A recent imaging study using a “beauty contest” game compared the brain activity of subjects with low and high levels of reasoning, revealing greater MPFC activity in the high group (Coricelli and Nagel, 2009). The suggestion here was that higher-level subjects account for the other's strategy, in contrast to the lower level group. This finding supports previous studies implicating MPFC in ToM and is not inconsistent with the present findings that MPFC activity correlates with the entropy of belief inference. However, the previous data (Coricelli and Nagel, 2009) provide less insight into how belief inference is achieved, since in one-shot games like the beauty contest subjects do not have the opportunity to dynamically optimize an internal model of the other's intentions. By contrast, the cooperative game and its associated model used here suggest a mechanistic account of how beliefs are generated and represented in the brain.

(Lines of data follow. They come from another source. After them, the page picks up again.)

(* [x = sum_i x_i (e_i - e_(rep i))], and [e_i - e_(rep i)] is
   [e_(rep i) (g - 1)] for the mover [g] of [i]. *)
Lemma horbit_sum_kerE (x : 'rV[int]_m) : x *m horbit_sum = 0 ->
  exists y : gT -> 'rV_m, x = \sum_(h in H) y h *m (fun_mx (p h) - 1%:M).
Proof.
move=> /orbit_rep_sum_eq0 z0.
pose y h := \sum_(i | orbit_mover i == h) x 0 i *: 'e_(orbit_rep i) : 'rV[int]_m.
pose d i := 'e_(orbit_rep i) *m (fun_mx (p (orbit_mover i)) - 1%:M) : 'rV[int]_m.
exists y; have -> : \sum_(h in H) y h *m (fun_mx (p h) - 1%:M) =
    \sum_(h in H) \sum_(i | true && (orbit_mover i == h)) x 0 i *: d i.
  apply: eq_bigr => h _; rewrite mulmx_suml; apply: eq_bigr => i /eqP <-.
  by rewrite scalemxAl.
rewrite -(partition_big _ (fun h => h \in H)) => [|i _]; last first.
  by case: (orbit_moverP i).
have dE i : d i = 'e_i - 'e_(orbit_rep i).
  by rewrite /d mulmxBr delta_fun_mx (proj2 (orbit_moverP i)) mulmx1.
under eq_bigr do rewrite dE scalerBr.
by rewrite sumrB z0 subr0 -row_sum_delta.
Qed.

End Orbits.

Variable r : gT -> 'M[int]_m.
Hypothesis rE : {in G, forall g, r g = fun_mx (p g)}.

Lemma act_repr : mx_repr G r.
Proof.
split; first by rewrite rE ?group1 // (eq_fun_mx (g := id)) ?fun_mx_id.
by move=> g h Hg Hh; rewrite !rE ?groupM // fun_mx_mul; apply: eq_fun_mx => i; apply: actM.
Qed.

Lemma act_selfdual : {in G, duallat r =1 r}.
Proof.
move=> g Hg; rewrite /duallat !rE ?groupV //.
by apply: tr_fun_mx => i; rewrite -actM ?groupV // ?mulVg ?mulgV act1.
Qed.

Lemma act_flabby : is_flabby G r.
Proof.
move=> H sHG x.
have rEH h : h \in H -> r h = fun_mx (p h) by move=> Hh; rewrite rE ?(subsetP sHG).
rewrite (eq_bigr _ rEH) => /(horbit_sum_kerE sHG)[y ->].
by exists y; apply: eq_bigr => h Hh; rewrite rEH.
Qed.

End ActionLattice.

Section CosetLattice.
Variables (gT : finGroupType) (G : {group gT}).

From a psychological perspective, strategic thinking involves several typically “executive” processes, including the temporal ordering of mental representations, updating these representations, predicting the next action, maintaining expected reward, and selecting an optimal action. Although our study was not designed to determine how computation of the level of sophistication relates to the broader functions of different brain areas, the fact that we observed greater activity in DLPFC, FEF, and SPL is consistent with their known roles in executive processes. Notably, responses in these regions are known to correlate with complexity in classic working memory tasks (Braver et al., 1997; Owen et al., 2005). In social situations, DLPFC neurons encode signals related to a previous choice and its outcome conjunctively in a matching pennies task, as seen in monkeys (Barraclough et al., 2004) and Williams syndrome patients (Meyer-Lindenberg et al., 2005). In addition, DLPFC activation has been observed with high- versus low-level reasoning in a beauty contest (Coricelli and Nagel, 2009). With higher strategies, as in our task, subjects behave more cooperatively and, consequently, the DLPFC is likely to be involved in the complex strategic processes required for the establishment and maintenance of social goals governing mutual interaction. Recently, activity of posterior parietal cortex was found in a social game that can be solved by “deliberative” reasoning (Kuo et al., 2009). Furthermore, neurons in posterior parietal cortex are known to modulate their activity with expected reward or utility during foraging tasks (Sugrue et al., 2004) and competitive games (Dorris and Glimcher, 2004), and activity here may relate to social utility associated with cooperation in this task.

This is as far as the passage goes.